## Exercise description
Some lines in the listing hold the word "vertex". Return each of them.

## Task inputs
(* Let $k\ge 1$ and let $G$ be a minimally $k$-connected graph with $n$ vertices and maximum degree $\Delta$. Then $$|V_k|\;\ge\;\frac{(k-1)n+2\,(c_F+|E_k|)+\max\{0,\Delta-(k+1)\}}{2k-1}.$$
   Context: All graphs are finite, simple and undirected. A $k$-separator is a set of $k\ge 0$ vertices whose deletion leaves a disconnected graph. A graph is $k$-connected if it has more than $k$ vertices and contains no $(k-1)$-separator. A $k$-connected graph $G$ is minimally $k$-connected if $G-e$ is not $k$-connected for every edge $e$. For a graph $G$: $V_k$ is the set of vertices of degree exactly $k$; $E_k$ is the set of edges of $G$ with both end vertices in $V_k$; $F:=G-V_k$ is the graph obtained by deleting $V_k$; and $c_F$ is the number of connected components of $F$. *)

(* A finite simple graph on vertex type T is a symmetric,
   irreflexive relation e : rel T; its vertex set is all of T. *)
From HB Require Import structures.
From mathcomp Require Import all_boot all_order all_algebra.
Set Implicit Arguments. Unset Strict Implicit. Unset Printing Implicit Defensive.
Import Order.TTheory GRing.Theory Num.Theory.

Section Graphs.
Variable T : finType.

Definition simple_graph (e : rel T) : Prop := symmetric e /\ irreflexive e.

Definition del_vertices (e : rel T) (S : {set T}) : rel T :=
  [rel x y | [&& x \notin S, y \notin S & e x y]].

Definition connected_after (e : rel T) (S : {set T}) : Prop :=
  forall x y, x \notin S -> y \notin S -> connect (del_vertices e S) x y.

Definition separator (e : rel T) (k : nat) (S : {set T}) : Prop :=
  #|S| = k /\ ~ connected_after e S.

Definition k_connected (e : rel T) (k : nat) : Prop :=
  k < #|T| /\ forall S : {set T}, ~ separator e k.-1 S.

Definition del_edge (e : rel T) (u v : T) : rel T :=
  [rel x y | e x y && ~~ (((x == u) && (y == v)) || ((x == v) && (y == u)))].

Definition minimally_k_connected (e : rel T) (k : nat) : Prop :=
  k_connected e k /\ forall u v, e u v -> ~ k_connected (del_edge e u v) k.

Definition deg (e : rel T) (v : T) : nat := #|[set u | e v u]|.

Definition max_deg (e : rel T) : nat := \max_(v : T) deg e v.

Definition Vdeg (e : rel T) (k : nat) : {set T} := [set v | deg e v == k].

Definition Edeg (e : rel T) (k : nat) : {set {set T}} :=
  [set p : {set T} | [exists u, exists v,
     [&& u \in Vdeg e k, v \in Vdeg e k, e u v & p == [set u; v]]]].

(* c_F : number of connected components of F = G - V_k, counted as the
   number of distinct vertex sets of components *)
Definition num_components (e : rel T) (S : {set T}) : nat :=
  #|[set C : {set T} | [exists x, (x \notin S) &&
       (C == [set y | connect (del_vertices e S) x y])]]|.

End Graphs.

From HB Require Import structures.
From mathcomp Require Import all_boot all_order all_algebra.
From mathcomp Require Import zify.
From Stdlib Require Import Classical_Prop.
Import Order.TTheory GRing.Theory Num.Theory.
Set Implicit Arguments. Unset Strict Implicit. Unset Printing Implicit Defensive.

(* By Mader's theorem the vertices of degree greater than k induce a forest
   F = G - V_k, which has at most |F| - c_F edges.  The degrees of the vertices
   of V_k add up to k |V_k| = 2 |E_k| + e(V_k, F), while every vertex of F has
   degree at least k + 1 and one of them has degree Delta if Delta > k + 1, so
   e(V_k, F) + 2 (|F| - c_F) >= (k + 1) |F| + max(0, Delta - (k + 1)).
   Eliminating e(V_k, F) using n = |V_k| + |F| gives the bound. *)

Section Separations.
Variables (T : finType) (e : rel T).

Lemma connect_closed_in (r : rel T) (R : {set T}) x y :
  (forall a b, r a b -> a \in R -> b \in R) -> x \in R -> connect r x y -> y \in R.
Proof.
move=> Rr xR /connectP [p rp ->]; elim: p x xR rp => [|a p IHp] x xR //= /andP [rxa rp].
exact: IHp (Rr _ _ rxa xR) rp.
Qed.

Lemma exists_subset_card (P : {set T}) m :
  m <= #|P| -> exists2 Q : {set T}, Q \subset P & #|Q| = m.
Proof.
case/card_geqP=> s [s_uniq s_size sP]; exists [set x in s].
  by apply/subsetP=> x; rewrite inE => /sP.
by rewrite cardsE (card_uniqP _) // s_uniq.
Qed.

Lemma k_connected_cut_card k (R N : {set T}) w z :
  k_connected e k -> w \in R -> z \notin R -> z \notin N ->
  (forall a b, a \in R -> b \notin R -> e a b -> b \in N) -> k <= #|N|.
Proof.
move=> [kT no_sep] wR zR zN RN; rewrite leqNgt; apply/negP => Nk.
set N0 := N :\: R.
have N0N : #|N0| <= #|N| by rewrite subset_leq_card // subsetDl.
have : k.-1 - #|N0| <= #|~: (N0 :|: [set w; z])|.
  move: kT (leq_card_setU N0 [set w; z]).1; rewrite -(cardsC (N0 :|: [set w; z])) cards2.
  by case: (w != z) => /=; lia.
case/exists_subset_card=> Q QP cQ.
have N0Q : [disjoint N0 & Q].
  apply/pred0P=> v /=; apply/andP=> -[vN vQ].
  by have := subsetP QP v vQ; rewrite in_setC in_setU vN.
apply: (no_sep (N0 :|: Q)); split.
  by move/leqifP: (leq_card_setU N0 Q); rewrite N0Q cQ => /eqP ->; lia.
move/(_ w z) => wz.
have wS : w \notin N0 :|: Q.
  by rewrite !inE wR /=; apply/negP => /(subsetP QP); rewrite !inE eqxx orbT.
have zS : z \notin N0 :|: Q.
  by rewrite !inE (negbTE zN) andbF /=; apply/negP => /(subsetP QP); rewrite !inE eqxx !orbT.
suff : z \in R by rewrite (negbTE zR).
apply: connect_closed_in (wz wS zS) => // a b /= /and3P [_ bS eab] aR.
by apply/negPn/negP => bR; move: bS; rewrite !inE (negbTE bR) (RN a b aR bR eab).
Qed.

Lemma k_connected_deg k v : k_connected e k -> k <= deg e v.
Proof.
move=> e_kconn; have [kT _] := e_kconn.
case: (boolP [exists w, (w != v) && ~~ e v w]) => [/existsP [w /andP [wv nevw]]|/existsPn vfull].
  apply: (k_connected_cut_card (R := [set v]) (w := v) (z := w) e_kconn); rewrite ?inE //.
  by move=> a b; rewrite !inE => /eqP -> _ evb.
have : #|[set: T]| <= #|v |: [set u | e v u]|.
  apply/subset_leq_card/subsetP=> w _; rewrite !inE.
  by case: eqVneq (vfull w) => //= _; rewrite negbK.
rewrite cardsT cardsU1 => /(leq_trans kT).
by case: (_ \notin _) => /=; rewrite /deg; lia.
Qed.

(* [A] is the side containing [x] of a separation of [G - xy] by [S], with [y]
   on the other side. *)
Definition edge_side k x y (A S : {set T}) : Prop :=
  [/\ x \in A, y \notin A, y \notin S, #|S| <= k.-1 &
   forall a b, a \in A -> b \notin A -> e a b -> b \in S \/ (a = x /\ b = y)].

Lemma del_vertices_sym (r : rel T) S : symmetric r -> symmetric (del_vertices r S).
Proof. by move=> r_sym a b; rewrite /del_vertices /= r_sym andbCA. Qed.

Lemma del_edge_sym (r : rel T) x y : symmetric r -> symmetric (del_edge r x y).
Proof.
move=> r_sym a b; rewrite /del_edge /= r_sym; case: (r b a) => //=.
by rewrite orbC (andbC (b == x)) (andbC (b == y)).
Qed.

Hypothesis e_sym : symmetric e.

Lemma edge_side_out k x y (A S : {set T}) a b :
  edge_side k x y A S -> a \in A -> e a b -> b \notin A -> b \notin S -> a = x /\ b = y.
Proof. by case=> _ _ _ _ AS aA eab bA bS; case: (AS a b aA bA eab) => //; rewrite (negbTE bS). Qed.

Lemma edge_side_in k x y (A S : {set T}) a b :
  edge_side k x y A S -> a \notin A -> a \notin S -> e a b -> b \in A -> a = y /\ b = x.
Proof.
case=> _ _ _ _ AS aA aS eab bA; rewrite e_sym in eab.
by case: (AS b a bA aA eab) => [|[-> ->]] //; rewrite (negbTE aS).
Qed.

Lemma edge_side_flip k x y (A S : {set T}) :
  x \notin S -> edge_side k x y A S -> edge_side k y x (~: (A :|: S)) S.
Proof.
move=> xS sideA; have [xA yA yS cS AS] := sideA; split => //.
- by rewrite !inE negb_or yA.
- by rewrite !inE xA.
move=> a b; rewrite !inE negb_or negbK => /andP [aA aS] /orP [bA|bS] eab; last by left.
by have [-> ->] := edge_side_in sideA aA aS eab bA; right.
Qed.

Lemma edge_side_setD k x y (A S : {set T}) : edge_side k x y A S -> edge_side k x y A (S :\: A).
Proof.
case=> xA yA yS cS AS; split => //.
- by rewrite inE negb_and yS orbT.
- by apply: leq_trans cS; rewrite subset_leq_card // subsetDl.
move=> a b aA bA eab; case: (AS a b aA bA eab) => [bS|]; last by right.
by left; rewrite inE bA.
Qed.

## Response area
(* A finite simple graph on vertex type T is a symmetric,
   irreflexive relation e : rel T; its vertex set is all of T. *)
   number of distinct vertex sets of components *)
   of V_k add up to k |V_k| = 2 |E_k| + e(V_k, F), while every vertex of F has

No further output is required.